Step 3: Normalize and Compare

Extracted data won’t match exactly across documents. Here’s what we see:
FieldID CardUtility BillW-9
NameIMA CARDHOLDERIMA CARDHOLDERIma Cardholder
CityANYTOWNAndytownAndytown
Street2570 24TH STREET2570 24th Street2570 24th Street
These are clearly the same person at the same address, but string comparison would fail.

Normalization Functions

Normalization standardizes these variations:
  • Uppercase everything
  • Convert abbreviations (“STREET” → “ST”)
  • Remove punctuation
  • Collapse extra whitespace
import re

def normalize_name(name):
    """Normalize name for comparison."""
    if not name:
        return ""
    # Uppercase, remove extra spaces, remove punctuation
    name = name.upper().strip()
    name = re.sub(r'[^\w\s]', '', name)
    name = re.sub(r'\s+', ' ', name)
    return name

def normalize_address(address):
    """Normalize address for comparison."""
    if not address:
        return ""
    address = address.upper().strip()
    # Standardize common abbreviations
    replacements = {
        'STREET': 'ST',
        'AVENUE': 'AVE',
        'BOULEVARD': 'BLVD',
        'DRIVE': 'DR',
        'ROAD': 'RD',
        'LANE': 'LN',
        'COURT': 'CT',
    }
    for full, abbrev in replacements.items():
        address = address.replace(full, abbrev)
    address = re.sub(r'[^\w\s]', '', address)
    address = re.sub(r'\s+', ' ', address)
    return address

def parse_city_state_zip(city_state_zip):
    """Parse 'City, ST 12345' format into components."""
    if not city_state_zip:
        return "", "", ""
    # Pattern: City, State ZIP
    match = re.match(r'(.+),\s*([A-Z]{2})\s*(\d{5})', city_state_zip.upper())
    if match:
        return match.group(1).strip(), match.group(2), match.group(3)
    return city_state_zip, "", ""
After normalization:
  • “IMA CARDHOLDER” → “IMA CARDHOLDER”
  • “Ima Cardholder” → “IMA CARDHOLDER” ✓ Match!
  • “2570 24TH STREET” → “2570 24TH ST”
  • “2570 24th Street” → “2570 24TH ST” ✓ Match!

Why Fuzzy Matching?

Even after normalization, OCR errors and typos happen. “ANYTOWN” vs “ANDYTOWN” is a single character difference. It’s likely the same city, not a fraudulent mismatch. Fuzzy matching with an 85% similarity threshold catches these while rejecting genuine mismatches:
def fuzzy_match(str1, str2, threshold=0.85):
    """Check if two strings match above threshold."""
    if not str1 or not str2:
        return False
    str1, str2 = str1.upper(), str2.upper()
    if str1 == str2:
        return True
    # Simple character-level similarity
    matches = sum(c1 == c2 for c1, c2 in zip(str1, str2))
    max_len = max(len(str1), len(str2))
    similarity = matches / max_len if max_len > 0 else 0
    return similarity >= threshold

Step 4: Verification Strategy

Our verification uses two tiers of checks: Critical checks (must pass):
  1. Name match - Name must match across all three documents
  2. Address match - Address must match (street, state, ZIP)
Warning checks (informational): 3. ID not expired - Government ID should be valid 4. Recent bill - Utility bill should be within 90 days If critical checks pass, verification succeeds even with warnings. This matches real-world KYC where an expired ID triggers re-verification but doesn’t necessarily block the user.

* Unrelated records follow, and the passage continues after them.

(* For any $\mathcal R$-dioid $K$ and $n\ge1$, $\mathrm{Mat}_{n\times n}(K)\simeq K\otimes_{\mathcal R}\mathrm{Mat}_{n\times n}(\mathbb B)$.
   Context: An $\mathcal R$-dioid is a dioid in which every regular subset of its multiplicative monoid has a supremum $\sum A$ with $\sum(AB)=(\sum A)(\sum B)$ (equivalently a $*$-continuous Kleene algebra); an $\mathcal R$-morphism is a dioid morphism preserving suprema of regular sets. $\mathrm{Mat}_{n\times n}(K)$ is the ($*$-continuous) Kleene algebra of $n\times n$ matrices over $K$ with matrix sum, product and standard matrix star; $\mathbb B=\{0,1\}$ is the boolean Kleene algebra. For $\mathcal R$-dioids $K_1,K_2$, $K_1\otimes_{\mathcal R}K_2$ is their tensor product: an $\mathcal R$-dioid with $\mathcal R$-morphisms from $K_1$ and $K_2$ whose images commute elementwise, universal in that every pair of elementwise commuting $\mathcal R$-morphisms from $K_1,K_2$ into an $\mathcal R$-dioid factors uniquely through an $\mathcal R$-morphism from the tensor product. *)

From HB Require Import structures.
From mathcomp Require Import all_boot all_order all_algebra.
Set Implicit Arguments. Unset Strict Implicit. Unset Printing Implicit Defensive.
Import GRing.Theory.
Local Open Scope ring_scope.

(* The boolean dioid B = ({0,1}, or, and, 0, 1).  (MathComp's own ring *)
(* structure on bool uses xor, so we use a fresh alias.)               *)
Definition bdioid := bool.
HB.instance Definition _ := Choice.on bdioid.
Lemma LPO_le_BF : W_le rep_baire rep_nat LPO rep_Rlt rep_R BF.
Proof.
  exists H_LPO, K_LPO. intros G HG p x Hp _.
  assert (Hx : x = p) by (apply functional_extensionality; intros n; symmetry; apply Hp).
  subst x.
  assert (Hbound : exists X, rep_Rlt (lpo_bound p) X /\
            forall q y, rep_R q y -> (X <= y)%R -> LPO p (lpo_answer p q)).
  { destruct (classic (exists n, p n = 0)) as [[n Hn] | Hnone].
    - destruct (least_zero p n Hn) as [m [Hm Hbefore]].
      exists (INR (S m)). split; [apply lpo_bound_zero; auto |].
      intros q y Hy Hle. apply (lpo_answer_correct p q y Hy). left. eauto.
    - assert (Hnz : forall n, p n <> 0) by (intros n E; apply Hnone; eauto).
      exists 0%R. split; [apply lpo_bound_no_zero; auto |].
      intros q y Hy _. apply (lpo_answer_correct p q y Hy). right. exact Hnz. }
  destruct Hbound as [X [HX Hanswer]].
  destruct (HG (lpo_bound p) X HX) as [q [Hq [y [Hy Hxy]]]]; [exists X; unfold BF; lra |].
  exists (cb (lpo_answer p q)). split.
  - exists (lpo_bound p), q. split; [apply K_LPO_ok | split; [exact Hq | apply H_LPO_ok]].
  - exists (lpo_answer p q). split; [reflexivity | exact (Hanswer q y Hy Hxy)].
Qed.

Definition hv_even (p : baire) (j : nat) : nat :=
  if p j =? 0 then 1 else if Nat.even j then 0 else 1.
Definition hv_odd (p : baire) (j : nat) : nat :=
  if p j =? 0 then 1 else if Nat.even j then 1 else 0.

(** Even positions carry the lower end (code 1 = -1, code 7 = 1/2), odd
    positions the upper end (code 3 = 1, code 4 = -1/2). *)
Definition llpo_name (p : baire) (i : nat) : nat :=
  if Nat.even i
  then (if first_tag (hv_odd p) (fun _ => 1) i =? 0 then 1 else 7)
  else (if first_tag (hv_even p) (fun _ => 1) i =? 0 then 3 else 4).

Implementing Name Matching

Compare normalized names across all document pairs. All three must match:
def check_name_match(extracted):
    """Check if names match across all documents."""
    id_name = normalize_name(extracted["id_card"].get("full_name", ""))
    bill_name = normalize_name(extracted["utility_bill"].get("account_holder", ""))
    w9_name = normalize_name(extracted["w9"].get("name", ""))

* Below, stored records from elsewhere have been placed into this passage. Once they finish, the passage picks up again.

(* The sequent $\cdot;\cdot\Rightarrow\bot$ (empty context, no hypotheses, conclusion $\bot$) is not derivable in the sequent calculus $NL^{\Rightarrow}$.
   Context: Types are $\tau ::= \delta \mid \nu \mid \langle\nu\rangle\tau$, with $\delta$ ranging over data types and $\nu$ over name types. Terms are $t ::= x \mid \mathsf{a} \mid c \mid f(t_1,\dots,t_n)$, where $x$ ranges over a countably infinite set of variables and $\mathsf a,\mathsf b,\dots$ over a disjoint countably infinite set of name-symbols. The signature assigns $c:\delta$, $f:\tau_1,\dots,\tau_n\to\delta$, $p:\tau_1,\dots,\tau_n\to o$, and contains for all name types $\nu$ and types $\tau$ the symbols $swap:\nu,\nu,\tau\to\tau$, $abs:\nu,\tau\to\langle\nu\rangle\tau$, $eq:\tau,\tau\to o$, $fresh:\nu,\tau\to o$, written $(a\;b)\cdot t$, $\langle a\rangle t$, $t\approx u$, $a\# t$. Formulas: $\top,\bot,p(\vec t),\phi\wedge\psi,\phi\vee\psi,\phi\supset\psi,\forall x{:}\tau.\phi,\exists x{:}\tau.\phi$, and $\mathsf{N}\mathsf a{:}\nu.\phi$ (the fresh-name quantifier, binding the name-symbol $\mathsf a$). Contexts are $\Sigma::=\cdot\mid\Sigma,x{:}\tau\mid\Sigma\#\mathsf a{:}\nu$ (no symbol twice); $\Sigma\#\mathsf a{:}\nu$ records that $\mathsf a$ has type $\nu$ and is fresh for everything in $\Sigma$. Typing is the standard many-sorted one ($\Sigma\vdash\mathsf N\mathsf a{:}\nu.\phi:o$ iff $\Sigma\#\mathsf a{:}\nu\vdash\phi:o$). $Tm_\Sigma$ is the set of terms well-typed in $\Sigma$; $|\cdot|=\emptyset$, $|\Sigma,x{:}\tau|=|\Sigma|$, $|\Sigma\#\mathsf a{:}\nu|=|\Sigma|\cup\{\mathsf a\#t\mid t\in Tm_\Sigma\}$. $NL^{\Rightarrow}$ derives sequents $\Sigma;\Gamma\Rightarrow\Delta$ ($\Gamma,\Delta$ finite multisets of formulas well-formed in $\Sigma$) by: (i) the classical G3c rules: initial sequents $\Sigma;\Gamma,P\Rightarrow P,\Delta$ for atomic $P$, $\Sigma;\Gamma\Rightarrow\top,\Delta$, $\Sigma;\Gamma,\bot\Rightarrow\Delta$, and the standard context-sharing left/right rules for $\wedge,\vee,\supset,\forall,\exists$ ($\forall R$, $\exists L$ add a fresh eigenvariable $x{:}\sigma$ to $\Sigma$; $\forall L$ from $\Sigma;\Gamma,\forall x{:}\sigma.\phi,\phi[t/x]\Rightarrow\Delta$ and $\exists R$ from $\Sigma;\Gamma\Rightarrow\exists x{:}\sigma.\phi,\phi[t/x],\Delta$ with $\Sigma\vdash t:\sigma$); (ii) $\mathsf N R$: from $\Sigma\#\mathsf a{:}\nu;\Gamma\Rightarrow\phi,\Delta$ infer $\Sigma;\Gamma\Rightarrow\mathsf N\mathsf a{:}\nu.\phi,\Delta$, and $\mathsf N L$: from $\Sigma\#\mathsf a{:}\nu;\Gamma,\phi\Rightarrow\Delta$ infer $\Sigma;\Gamma,\mathsf N\mathsf a{:}\nu.\phi\Rightarrow\Delta$ (both with $\mathsf a\notin\Sigma$); (iii) nonlogical rules: $\approx R$ (from $\Sigma;\Gamma,t\approx t\Rightarrow\Delta$ infer $\Sigma;\Gamma\Rightarrow\Delta$); $\approx S$ (from $\Sigma;\Gamma,t\approx u,P(t),P(u)\Rightarrow\Delta$ infer $\Sigma;\Gamma,t\approx u,P(t)\Rightarrow\Delta$, $P$ atomic); for each instance $P_1\wedge\dots\wedge P_n\supset Q_1\vee\dots\vee Q_m$ ($m\ge 0$) of the schemes (S1) $(a\;a)\cdot x\approx x$, (S2) $(a\;b)\cdot(a\;b)\cdot x\approx x$, (S3) $(a\;b)\cdot a\approx b$, (E1) $(a\;b)\cdot c\approx c$, (E2) $(a\;b)\cdot f(\vec t)\approx f((a\;b)\cdot\vec t)$, (E3) $p(\vec t)\supset p((a\;b)\cdot\vec t)$, (F1) $a\#x\wedge b\#x\supset(a\;b)\cdot x\approx x$, (F2) $a\#b$ for $a,b$ of distinct name types, (F3) $a\#a\supset\bot$ ($m=0$), (F4) $a\#b\vee a\approx b$, (A1) $a\#y\wedge x\approx(a\;b)\cdot y\supset\langle a\rangle x\approx\langle b\rangle y$ (with $a,b$ arbitrary well-typed terms of name type, $x,y,\vec t$ arbitrary well-typed terms), the rule: from $\Sigma;\Gamma,\vec P,Q_i\Rightarrow\Delta$ for all $i\le m$ infer $\Sigma;\Gamma,\vec P\Rightarrow\Delta$; (A2) from $\Sigma;\Gamma,E,a\approx b,t\approx u\Rightarrow\Delta$ and $\Sigma;\Gamma,E,a\#u,t\approx(a\;b)\cdot u\Rightarrow\Delta$ infer $\Sigma;\Gamma,E\Rightarrow\Delta$, where $E$ is $\langle a\rangle t\approx\langle b\rangle u$; (A3) from $\Sigma\vdash t:\langle\nu\rangle\sigma$ and $\Sigma,a{:}\nu,x{:}\sigma;\Gamma,t\approx\langle a\rangle x\Rightarrow\Delta$ ($a,x\notin\Sigma$) infer $\Sigma;\Gamma\Rightarrow\Delta$; (F) from $\Sigma\#\mathsf a{:}\nu;\Gamma\Rightarrow\Delta$ ($\mathsf a\notin\Sigma$) infer $\Sigma;\Gamma\Rightarrow\Delta$; ($\Sigma\#$) from $\Sigma;\Gamma,\mathsf a\#t\Rightarrow\Delta$ with $\mathsf a\#t\in|\Sigma|$ infer $\Sigma;\Gamma\Rightarrow\Delta$. *)

From Stdlib Require Import List Permutation.
Import ListNotations.

Set Implicit Arguments.

Inductive ty (D N : Type) : Type :=
| TData (d : D)
| TName (n : N)
| TAbs (n : N) (t : ty D N).

(** A signature: data types, name types, constants c:delta, function
    symbols f : tau1..taun -> delta, relation symbols p : tau1..taun -> o.
    (swap, abs, eq, fresh are built into the syntax below, at all types.) *)
Record signature := {
  dty : Type;
  nty : Type;
  cst : Type;
  fsym : Type;
  psym : Type;
  cst_ty : cst -> dty;
  fsym_ty : fsym -> list (ty dty nty) * dty;
  psym_ty : psym -> list (ty dty nty)
}.

Section NominalLogic.
Variable sg : signature.

Definition sty := ty (dty sg) (nty sg).

(** Free variables [tvar x] and name-symbols [tname a] are named by
    naturals (two disjoint name spaces); [tbvar i] / [tbname i] are de Bruijn
    indices for variables bound by forall/exists resp. name-symbols bound by
    the N-quantifier. *)
Inductive term : Type :=
| tvar (x : nat)
| tbvar (i : nat)
| tname (a : nat)
| tbname (i : nat)
| tcst (c : cst sg)
| tapp (f : fsym sg) (ts : list term)
| tswap (a b t : term)
| tabs (a t : term).

Inductive form : Type :=
| fTop
| fBot
| fPred (p : psym sg) (ts : list term)
| fEq (t u : term)
| fFresh (a t : term)
| fAnd (A B : form)
| fOr (A B : form)
| fImp (A B : form)
| fAll (s : sty) (A : form)
| fEx (s : sty) (A : form)
| fNew (n : nty sg) (A : form).

(** Opening / substitution (the substituted terms are always locally closed). *)
Fixpoint topen_var (k : nat) (s t : term) : term :=
  match t with
  | tbvar i => if Nat.eqb i k then s else t
  | tapp f ts => tapp f (map (topen_var k s) ts)
  | tswap a b u => tswap (topen_var k s a) (topen_var k s b) (topen_var k s u)
  | tabs a u => tabs (topen_var k s a) (topen_var k s u)
  | _ => t
  end.

Fixpoint topen_name (k : nat) (c : nat) (t : term) : term :=
  match t with
  | tbname i => if Nat.eqb i k then tname c else t
  | tapp f ts => tapp f (map (topen_name k c) ts)
  | tswap a b u => tswap (topen_name k c a) (topen_name k c b) (topen_name k c u)
  | tabs a u => tabs (topen_name k c a) (topen_name k c u)
  | _ => t
  end.

Fixpoint tsubst (z : nat) (s t : term) : term :=
  match t with
  | tvar y => if Nat.eqb y z then s else t
  | tapp f ts => tapp f (map (tsubst z s) ts)
  | tswap a b u => tswap (tsubst z s a) (tsubst z s b) (tsubst z s u)
  | tabs a u => tabs (tsubst z s a) (tsubst z s u)
  | _ => t
  end.

Fixpoint fopen_var (k : nat) (s : term) (A : form) : form :=
  match A with
  | fTop => fTop
  | fBot => fBot
  | fPred p ts => fPred p (map (topen_var k s) ts)
  | fEq t u => fEq (topen_var k s t) (topen_var k s u)
  | fFresh a t => fFresh (topen_var k s a) (topen_var k s t)
  | fAnd B C => fAnd (fopen_var k s B) (fopen_var k s C)
  | fOr B C => fOr (fopen_var k s B) (fopen_var k s C)
  | fImp B C => fImp (fopen_var k s B) (fopen_var k s C)
  | fAll σ B => fAll σ (fopen_var (Datatypes.S k) s B)
  | fEx σ B => fEx σ (fopen_var (Datatypes.S k) s B)
  | fNew ν B => fNew ν (fopen_var k s B)
  end.

Fixpoint fopen_name (k : nat) (c : nat) (A : form) : form :=
  match A with
  | fTop => fTop
  | fBot => fBot
  | fPred p ts => fPred p (map (topen_name k c) ts)
  | fEq t u => fEq (topen_name k c t) (topen_name k c u)
  | fFresh a t => fFresh (topen_name k c a) (topen_name k c t)
  | fAnd B C => fAnd (fopen_name k c B) (fopen_name k c C)
  | fOr B C => fOr (fopen_name k c B) (fopen_name k c C)
  | fImp B C => fImp (fopen_name k c B) (fopen_name k c C)
  | fAll σ B => fAll σ (fopen_name k c B)
  | fEx σ B => fEx σ (fopen_name k c B)
  | fNew ν B => fNew ν (fopen_name (Datatypes.S k) c B)
  end.

Definition fsubst (z : nat) (s : term) (A : form) : form :=
  match A with
  | fPred p ts => fPred p (map (tsubst z s) ts)
  | fEq t u => fEq (tsubst z s t) (tsubst z s u)
  | fFresh a t => fFresh (tsubst z s a) (tsubst z s t)
  | _ => A
  end.

Definition is_atom (A : form) : Prop :=
  match A with
  | fPred _ _ | fEq _ _ | fFresh _ _ => True
  | _ => False
  end.

(** Contexts; the head of the list is the most recently added entry.
    [CName a nu :: Sigma] is  Sigma # a:nu. *)
Inductive centry : Type :=
| CVar (x : nat) (τ : sty)
| CName (a : nat) (ν : nty sg).

Definition ctx := list centry.

Definition var_in (x : nat) (Σ : ctx) : Prop := exists τ, In (CVar x τ) Σ.
Definition name_in (a : nat) (Σ : ctx) : Prop := exists ν, In (CName a ν) Σ.

Inductive wfctx : ctx -> Prop :=
| wfctx_nil : wfctx []
| wfctx_var x τ Σ : wfctx Σ -> ~ var_in x Σ -> wfctx (CVar x τ :: Σ)
| wfctx_name a ν Σ : wfctx Σ -> ~ name_in a Σ -> wfctx (CName a ν :: Σ).

Inductive has_type (Σ : ctx) : term -> sty -> Prop :=
| ty_var x τ : In (CVar x τ) Σ -> has_type Σ (tvar x) τ
| ty_name a ν : In (CName a ν) Σ -> has_type Σ (tname a) (TName _ ν)
| ty_cst c : has_type Σ (tcst c) (TData _ (cst_ty sg c))
| ty_app f ts : Forall2 (has_type Σ) ts (fst (fsym_ty sg f)) ->
    has_type Σ (tapp f ts) (TData _ (snd (fsym_ty sg f)))
| ty_swap a b t ν τ : has_type Σ a (TName _ ν) -> has_type Σ b (TName _ ν) ->
    has_type Σ t τ -> has_type Σ (tswap a b t) τ
| ty_abs a t ν τ : has_type Σ a (TName _ ν) -> has_type Σ t τ ->
    has_type Σ (tabs a t) (TAbs ν τ).

Inductive wff (Σ : ctx) : form -> Prop :=
| wf_top : wff Σ fTop
| wf_bot : wff Σ fBot
| wf_pred p ts : Forall2 (has_type Σ) ts (psym_ty sg p) -> wff Σ (fPred p ts)
| wf_eq t u τ : has_type Σ t τ -> has_type Σ u τ -> wff Σ (fEq t u)
| wf_fresh a t ν τ : has_type Σ a (TName _ ν) -> has_type Σ t τ -> wff Σ (fFresh a t)
| wf_and A B : wff Σ A -> wff Σ B -> wff Σ (fAnd A B)
| wf_or A B : wff Σ A -> wff Σ B -> wff Σ (fOr A B)
| wf_imp A B : wff Σ A -> wff Σ B -> wff Σ (fImp A B)
| wf_all σ A : (forall x, ~ var_in x Σ -> wff (CVar x σ :: Σ) (fopen_var 0 (tvar x) A)) ->
    wff Σ (fAll σ A)
| wf_ex σ A : (forall x, ~ var_in x Σ -> wff (CVar x σ :: Σ) (fopen_var 0 (tvar x) A)) ->
    wff Σ (fEx σ A)
| wf_new ν A : (forall a, ~ name_in a Σ -> wff (CName a ν :: Σ) (fopen_name 0 a A)) ->
    wff Σ (fNew ν A).

Fixpoint ctx_fresh (Σ : ctx) (A : form) : Prop :=
  match Σ with
  | [] => False
  | CVar _ _ :: Σ' => ctx_fresh Σ' A
  | CName a _ :: Σ' =>
      ctx_fresh Σ' A \/ exists t τ, has_type Σ' t τ /\ A = fFresh (tname a) t
  end.

(** Instances  P1 /\ ... /\ Pn  ⊃  Q1 \/ ... \/ Qm  of the nominal axiom
    schemes.  E2 / E3 are taken for all function / relation symbols of the
    signature, including swap, abs, ~ and #.  Well-typedness of the
    instances is enforced by the well-formedness of the sequents in which
    they occur (see [NL]). *)
Inductive ax_inst (Σ : ctx) : list form -> list form -> Prop :=
| axS1 a x : ax_inst Σ [] [fEq (tswap a a x) x]
| axS2 a b x : ax_inst Σ [] [fEq (tswap a b (tswap a b x)) x]
| axS3 a b : ax_inst Σ [] [fEq (tswap a b a) b]
| axE1 a b c : ax_inst Σ [] [fEq (tswap a b (tcst c)) (tcst c)]
| axE2 a b f ts :
    ax_inst Σ [] [fEq (tswap a b (tapp f ts)) (tapp f (map (tswap a b) ts))]
| axE2swap a b c d x :
    ax_inst Σ [] [fEq (tswap a b (tswap c d x))
                      (tswap (tswap a b c) (tswap a b d) (tswap a b x))]
| axE2abs a b c x :
    ax_inst Σ [] [fEq (tswap a b (tabs c x)) (tabs (tswap a b c) (tswap a b x))]
| axE3 a b p ts : ax_inst Σ [fPred p ts] [fPred p (map (tswap a b) ts)]
| axE3eq a b t u : ax_inst Σ [fEq t u] [fEq (tswap a b t) (tswap a b u)]
| axE3fresh a b c t : ax_inst Σ [fFresh c t] [fFresh (tswap a b c) (tswap a b t)]
| axF1 a b x : ax_inst Σ [fFresh a x; fFresh b x] [fEq (tswap a b x) x]
| axF2 a b ν ν' : has_type Σ a (TName _ ν) -> has_type Σ b (TName _ ν') -> ν <> ν' ->
    ax_inst Σ [] [fFresh a b]
| axF3 a : ax_inst Σ [fFresh a a] []
| axF4 a b : ax_inst Σ [] [fFresh a b; fEq a b]
| axA1 a b x y :
    ax_inst Σ [fFresh a y; fEq x (tswap a b y)] [fEq (tabs a x) (tabs b y)].

Definition wfseq (Σ : ctx) (Γ Δ : list form) : Prop :=
  wfctx Σ /\ Forall (wff Σ) Γ /\ Forall (wff Σ) Δ.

    id_vs_bill = fuzzy_match(id_name, bill_name)
    id_vs_w9 = fuzzy_match(id_name, w9_name)
    bill_vs_w9 = fuzzy_match(bill_name, w9_name)

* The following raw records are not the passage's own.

Lemma inQplus_eqh (R : realType) N (g : 'M[(R[i])%C]_N -> Prop) R' mu mu' :
  eqh g mu mu' -> inQplus g R' mu -> inQplus g R' mu'.
Proof.
by move=> E [n [al [Ral Emu]]]; exists n, al; split => // h ch; rewrite -E // Emu.
Qed.

Lemma inQplusD (R : realType) N (g : 'M[(R[i])%C]_N -> Prop) R' mu a :
  inQplus g R' mu -> R' a -> pos_root g a -> inQplus g R' (fun h => mu h + a h).
Proof.
move=> [n [al [Ral Emu]]] Ra pa.
exists n.+1, (fun i => if unlift ord_max i is Some j then al j else a); split.
  by move=> i; case: unlift => [j|] //; exact: Ral.
move=> h ch; rewrite big_ord_recr /= unlift_none Emu //; congr (_ + _).
apply: eq_bigr => i _; have -> : widen_ord (leqnSn n) i = lift ord_max i.
  by apply: val_inj; rewrite /= /bump leqNgt ltn_ord.
by rewrite liftK.
Qed.

Section Grading.
Variable R : realType.
Local Notation C := (R[i])%C.
Variables (N d : nat) (g : 'M[C]_N -> Prop) (rho : 'M[C]_N -> nat -> 'M[C]_d).
Local Notation M := ('M[C]_N).
Variables (R' : (M -> C) -> Prop) (w : 'cV[C]_d) (lam : M -> C).

Definition monomial (L : M -> Prop) (t : 'cV[C]_d) := exists s : seq (M * nat),
  (forall p, p \in s -> L p.1) /\ t = foldr (fun p v => rho p.1 p.2 *m v) w s.

Lemma monomial_cons (L : M -> Prop) t x k :
  monomial L t -> L x -> monomial L (rho x k *m t).
Proof.
move=> [s [Ls ->]] Lx; exists ((x, k) :: s); split => // p.
by rewrite inE => /orP [/eqP -> //|]; exact: Ls.
Qed.

Lemma Ugen_inspan (L : M -> Prop) (Q : 'cV[C]_d -> Prop) v : Q w ->
  (forall x k t, L x -> Q t -> inspan Q (rho x k *m t)) ->
  Ugen rho L w v -> inspan Q v.
Proof.
move=> Qw QL; apply: inspan_trans => u [s [Ls ->]].
elim: s Ls => [|p s IH] Ls /=; first exact: inspan_gen.
have Ls' q : q \in s -> L q.1 by move=> qs; apply: Ls; rewrite inE qs orbT.
apply: (inspan_additive (mulmxDr _) (fun c a => esym (scalemxAr c _ a)) _ (IH Ls')).
by move=> t; apply: QL; apply: Ls; rewrite mem_head.
Qed.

    passed = id_vs_bill and id_vs_w9 and bill_vs_w9

    return {
        "check": "name_match",
        "passed": passed,
        "details": {
            "id_card": id_name,
            "utility_bill": bill_name,
            "w9": w9_name,
            "id_vs_bill": id_vs_bill,
            "id_vs_w9": id_vs_w9,
            "bill_vs_w9": bill_vs_w9
        }
    }

Implementing Address Matching

Address matching is trickier. We check street, state, and ZIP separately. The W-9 combines city/state/zip into one field, so we parse it first.
def check_address_match(extracted):
    """Check if addresses match across all documents."""
    # ID card address
    id_address = normalize_address(extracted["id_card"].get("address", ""))
    id_state = extracted["id_card"].get("state", "").upper()
    id_zip = extracted["id_card"].get("zip_code", "")

    # Utility bill address
    bill_address = normalize_address(extracted["utility_bill"].get("service_address", ""))
    bill_state = extracted["utility_bill"].get("state", "").upper()
    bill_zip = extracted["utility_bill"].get("zip_code", "")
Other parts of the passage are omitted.